Causal consistency at block boundaries. The last token of block b−1 and the first token of block b must attend to each other appropriately. Tested explicitly via the “no future information leak” test (perturb a future-block position, verify past-block outputs are bit-identical).
The [MASK] token must be present in the tokenizer with a stable ID. If extending an existing tokenizer, re-init the relevant embedding carefully (mean + tiny noise; not uniform random — that breaks downstream Q/K/V projections).
Stop conditions.
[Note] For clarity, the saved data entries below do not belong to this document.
Lemma hull_word_coords s : {in s, forall a, in_hull v a} ->
  exists2 lam : 'rV[rat]_d.+1, (forall i, 0 <= lam 0 i) &
    toQ (pt_row (word_pt s)) = lam *m toQ L.
Proof.
rewrite pt_row_word; elim: s => [|a s IH] s_hull.
  by exists 0 => [i|]; rewrite ?big_nil ?mul0mx ?map_mx0 ?mxE.
have [|lam lam_ge0 def_s] := IH.
  by move=> b sb; apply: s_hull; rewrite inE sb orbT.
have [|mu mu_ge0 def_a] := in_hull_coords (s_hull a _).
  by rewrite inE eqxx.
exists (mu + lam) => [i|]; first by rewrite mxE addr_ge0.
by rewrite big_cons map_mxD def_s def_a mulmxDl.
Qed.

Lemma hull_word_lattice_coords_ge0 s c :
  affinely_independent v -> {in s, forall a, in_hull v a} ->
  pt_row (word_pt s) = c *m L -> forall i, 0 <= c 0 i.
Proof.
move=> v_indep /hull_word_coords [lam lam_ge0 def_s] def_c i.
have uL : toQ L \in unitmx by rewrite unitmxE det_map_mx unitfE intr_eq0.
have /rowP/(_ i) : toQ c = lam.
  by apply: (can_inj (mulmxK uL)); rewrite /= -map_mxM -def_c.
by rewrite mxE -(ler0z rat) => ->.
Qed.

Lemma lattice_coords_sum s c :
  pt_row (word_pt s) = c *m L -> \sum_i c 0 i = (size s)%:Z.
Proof.
move=> def_c; rewrite -[RHS](pt_row_last (word_pt s)) def_c mxE.
by apply: eq_bigr => i _; rewrite mxE unlift_none mulr1.
Qed.

Lemma word_sub_vertex s c i : pt_row (word_pt s) = c *m L ->
  (forall l, 0 <= c 0 l) -> 0 < c 0 i ->
  word_pt s - lift_pt (v i) =
    word_pt (mult_word v (fun l => absz (c 0 l - (l == i)%:R)%R)).
Proof.
move=> def_c c_ge0 c_i_gt0; apply: pt_row_inj.
rewrite pt_row_mult_word pt_rowB def_c -row_lift_mx rowE -mulmxBl.
congr (_ *m _); apply/rowP => l; rewrite !mxE abszE ger0_norm // subr_ge0.
by case: eqP => [->|_]; rewrite ?lez_addr1 ?c_ge0.
Qed.

End Simplex.
Section StationaryPoints.
Context {R : realType}.
Variables (g : nat) (E lam tlam : nat -> R).

Definition gap k : interval R := `]E (2 * k).-1, E (2 * k)[.

Hypothesis E_incr : forall i, (i < 2 * g)%N -> E i < E i.+1.
Hypothesis lam_gap : forall k, (1 <= k <= g)%N -> lam k \in gap k.

Lemma E_mono : {in [pred n | (n <= 2 * g)%N] &, {mono E : i j / (i <= j)%N >-> i <= j}}.
Proof.
apply: Order.NatMonotonyTheory.incn_inP => [m n _ ng p /andP[_ /ltnW pn]|n _].
  by rewrite inE (leq_trans pn).
by rewrite inE; apply: E_incr.
Qed.

Lemma E_le i j : (i <= j <= 2 * g)%N -> E i <= E j.
Proof. by move=> /andP[ij jg]; rewrite E_mono // inE; lia. Qed.

Lemma E_lt i j : (i < j <= 2 * g)%N -> E i < E j.
Proof. by move=> /andP[ij jg]; rewrite (leW_mono_in E_mono) // inE; lia. Qed.

Lemma gap_lt {i j x y} : (i < j <= g)%N -> x \in gap i -> y \in gap j -> x < y.
Proof.
move=> /andP[ij jg]; rewrite !in_itv /= => /andP[_ xi] /andP[yj _].
by apply: lt_trans xi (le_lt_trans _ yj); apply: E_le; lia.
Qed.

Lemma gap_itv_lt {k} : (1 <= k <= g)%N -> E (2 * k).-1 < E (2 * k).
Proof. by move=> kg; apply: E_lt; lia. Qed.

Lemma lam_lt i j : (1 <= i)%N -> (i < j <= g)%N -> lam i < lam j.
Proof. by move=> i1 ijg; apply: (gap_lt ijg); apply: lam_gap; move: ijg; lia. Qed.

Lemma lam_le i j : (1 <= i)%N -> (i <= j <= g)%N -> lam i <= lam j.
Proof.
move=> i1 /andP[]; rewrite leq_eqVlt => /orP[/eqP -> //|ij jg].
by apply/ltW/lam_lt => //; rewrite ij.
Qed.

Definition lampoly : {poly R} := \prod_(1 <= k < g.+1) ('X - (lam k)%:P).
Definition tlampoly : {poly R} := \prod_(0 <= k < g.+1) ('X - (tlam k)%:P).
Import Order.TTheory GRing.Theory Num.Theory.
Local Open Scope classical_set_scope.
Local Open Scope ring_scope.

Notation RR := Rdefinitions.R.

Definition is_ideal (I : set (set nat)) : Prop :=
  (forall A B, I A -> I B -> I (A `|` B)) /\
  (forall A B, B `<=` A -> I A -> I B) /\
  (forall A : set nat, finite_set A -> I A) /\
  ~ I setT.

Definition countably_generated (I : set (set nat)) : Prop :=
  exists B : nat -> set nat, (forall k, I (B k)) /\
    forall A, I A -> exists k, A `<=` B k.

Definition Iconv0 (I : set (set nat)) (a : nat -> RR) : Prop :=
  forall eps : RR, 0 < eps -> I [set n | eps <= `|a n|].

Definition I_p (I : set (set nat)) (X : Type) (f : nat -> X -> RR) : Prop :=
  forall x, Iconv0 I (fun n => f n x).

Definition I_u_on (I : set (set nat)) (X : Type) (A : set X)
  (f : nat -> X -> RR) : Prop :=
  forall eps : RR, 0 < eps -> I [set n | exists2 x, A x & eps <= `|f n x|].

Definition I_u (I : set (set nat)) (X : Type) (f : nat -> X -> RR) : Prop :=
  I_u_on I setT f.

Definition I_sigma_u (I : set (set nat)) (X : Type) (f : nat -> X -> RR) : Prop :=
  exists Xk : nat -> set X, setT = \bigcup_k Xk k /\ forall k, I_u_on I (Xk k) f.

Definition I_qn (I : set (set nat)) (X : Type) (f : nat -> X -> RR) : Prop :=
  exists eps : nat -> RR, (forall n, 0 < eps n) /\ Iconv0 I eps /\
    forall x, I [set n | eps n <= `|f n x|].
(** * The soundness invariant *)

Inductive sound_config : proc * mon -> Prop :=
| sc_synth P T : typed [] venv_empty P T -> distinct_labels T -> sound_config (P, synth T)
| sc_check_out P T l v B : typed [] venv_empty P T -> distinct_labels T -> has_btype v B = true ->
    sound_config (P, MIf (AIsVal B (EVal v)) (MSendE l (EVal v) (synth T)) MNoP)
| sc_send_env P T l v : typed [] venv_empty P T -> distinct_labels T ->
    sound_config (P, MSendE l (EVal v) (synth T))
| sc_check_in P tbs l B T v : typed [] venv_empty P (TBra tbs) -> In (l, B, T) tbs ->
    distinct_labels T ->
    sound_config (P, MIf (AIsVal B (EVal v)) (MSendP l (EVal v) (synth T)) MNoE)
| sc_send_proc P tbs l B T v : typed [] venv_empty P (TBra tbs) -> In (l, B, T) tbs ->
    distinct_labels T -> has_btype v B = true ->
    sound_config (P, MSendP l (EVal v) (synth T))
| sc_blame_env P : sound_config (P, MNoE).

Lemma sound_config_not_blame_proc P : ~ sound_config (P, MNoP).
Proof. inversion 1. match goal with T : stype |- _ => destruct T; discriminate end. Qed.

Lemma sound_config_ptau P P' M :
  ptrans P ATau P' -> sound_config (P, M) -> sound_config (P', M).
Proof.
  intros Hp HI. inversion HI; subst; econstructor; eauto using typed_ptrans_tau.
Qed.

Lemma sound_config_mtau P M M' :
  mtrans M ATau M' -> sound_config (P, M) -> sound_config (P, M').
Proof.
  intros Hm HI. inversion HI; subst.
  - apply synth_mtrans_ATau_inv in Hm as (X & -> & ->). constructor.
    + eapply tEq; [eassumption|apply teq_unfold].
    + apply distinct_labels_tsubst; assumption.
  - inversion Hm; subst; [constructor; assumption|simpl in *; congruence].
  - inversion Hm.
  - inversion Hm; subst; [|constructor]. simpl in *. econstructor; eauto; congruence.
  - inversion Hm.
  - inversion Hm.
Qed.

Lemma sound_config_env_out P M l v M' :
  mtrans M (AOutE l v) M' -> sound_config (P, M) -> sound_config (P, M').
Proof.
  intros Hm HI. inversion HI; subst; try (inversion Hm; fail).
  - exfalso. eapply synth_no_AOutE; eauto.
  - inversion Hm; subst. constructor; assumption.
Qed.

Lemma sound_config_env_in P M l v M' :
  mtrans M (AInE l v) M' -> sound_config (P, M) -> sound_config (P, M').
Proof.
  intros Hm HI. inversion HI as [? T HT HN| | | | |]; subst; try (inversion Hm; fail).
  apply synth_mtrans_AInE_inv in Hm as (bs & -> & [(B & X & Hin & ->) | ->]); [|constructor].
  apply distinct_labels_TBra in HN as [_ F].
  eapply sc_check_in; eauto. exact (F _ Hin).
Qed.

Lemma sound_config_output P P' M M' l v :
  ptrans P (AOut l v) P' -> mtrans M (AIn l v) M' ->
  sound_config (P, M) -> sound_config (P', M').
Proof.
  intros Hp Hm HI. inversion HI as [? T HT HN| | | | |]; subst; try (inversion Hm; fail).
  apply synth_mtrans_AIn_inv in Hm as (bs & -> & Hm).
  apply distinct_labels_TSel in HN as [Nbs Fbs].
  inversion Hp; subst.
  apply typed_PSend_inv in HT as (tbs & B & S & Hin & Hv & HP' & t).
  apply teq_TSel_branches in t. destruct (t _ _ _ Hin) as (X' & Hin' & tX).
  destruct Hm as [(B0 & X & Hin0 & ->) | [Hl _]].
  - destruct (NoDup_blabel_In_unique _ _ _ _ _ _ Nbs Hin' Hin0) as [<- <-].
    apply sc_check_out; [eapply tEq; eauto|exact (Fbs _ Hin')|exact Hv].
  - exfalso. exact (Hl (in_map blabel _ _ Hin')).
Qed.

Lemma sound_config_input P P' M M' l v :
  ptrans P (AIn l v) P' -> mtrans M (AOut l v) M' ->
  sound_config (P, M) -> sound_config (P', M').
Proof.
  intros Hp Hm HI. inversion HI as [? T HT HN| | | |? tbs l0 B T v0 HT Hin HN Hv|];
    subst; try (inversion Hm; fail).
  - exfalso. eapply synth_no_AOut; eauto.
  - inversion Hm; subst. inversion Hp as [| |pbs l1 x P0 v1 Hx| |]; subst.
    apply typed_PBranch_inv in HT as (tbs' & Npbs & Hbranches & t).
    apply teq_sym, teq_TBra_branches in t. destruct (t _ _ _ Hin) as (T' & Hin' & tT).
    destruct (Hbranches _ _ _ Hin') as (x' & P0' & Hx' & HP0').
    destruct (NoDup_blabel_In_unique _ _ _ _ _ _ Npbs Hx Hx') as [<- <-].
    constructor; [|exact HN].
    apply (tEq _ _ _ T'); [|apply teq_sym, tT].
    eapply typed_pvsubst; [|exact Hv|exact HP0']. reflexivity.
Qed.

Lemma sound_config_strans c a c' : strans c a c' -> sound_config c -> sound_config c'.
Proof.
  destruct 1.
  - eapply sound_config_output; eassumption.
  - eapply sound_config_input; eassumption.
  - apply sound_config_env_out with l v; assumption.
  - apply sound_config_env_in with l v; assumption.
  - apply sound_config_ptau; assumption.
  - apply sound_config_mtau; assumption.
Qed.

Lemma sound_config_wtrans c t c' : wtrans c t c' -> sound_config c -> sound_config c'.
Proof. induction 1; eauto using sound_config_strans. Qed.

Theorem mainTheorem1 (S : stype) (P : proc) :
  wf_stype S -> pguarded P ->
  (exists (t : list act) (P' : proc), wtrans (P, synth S) t (P', MNoP)) ->
  ~ typed nil venv_empty P S.
Proof.
  intros HS _ (t & P' & Hrun) HP.
  apply (sound_config_not_blame_proc P').
  apply (sound_config_wtrans _ _ _ Hrun).
  constructor; [exact HP|apply wf_stype_distinct_labels, HS].
Qed.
Generation stops when [EOS] is committed within any block — same as AR.
Block-AR equivalence. When K_b = B and unmasking is forced left-to-right, CASCADE generates the same sequence as a pure AR model. The implementation-level analog is verified in tests/test_block_mask.py::test_block_size_one_equals_ar (B = 1 → standard causal attention, bit-identical at fp64).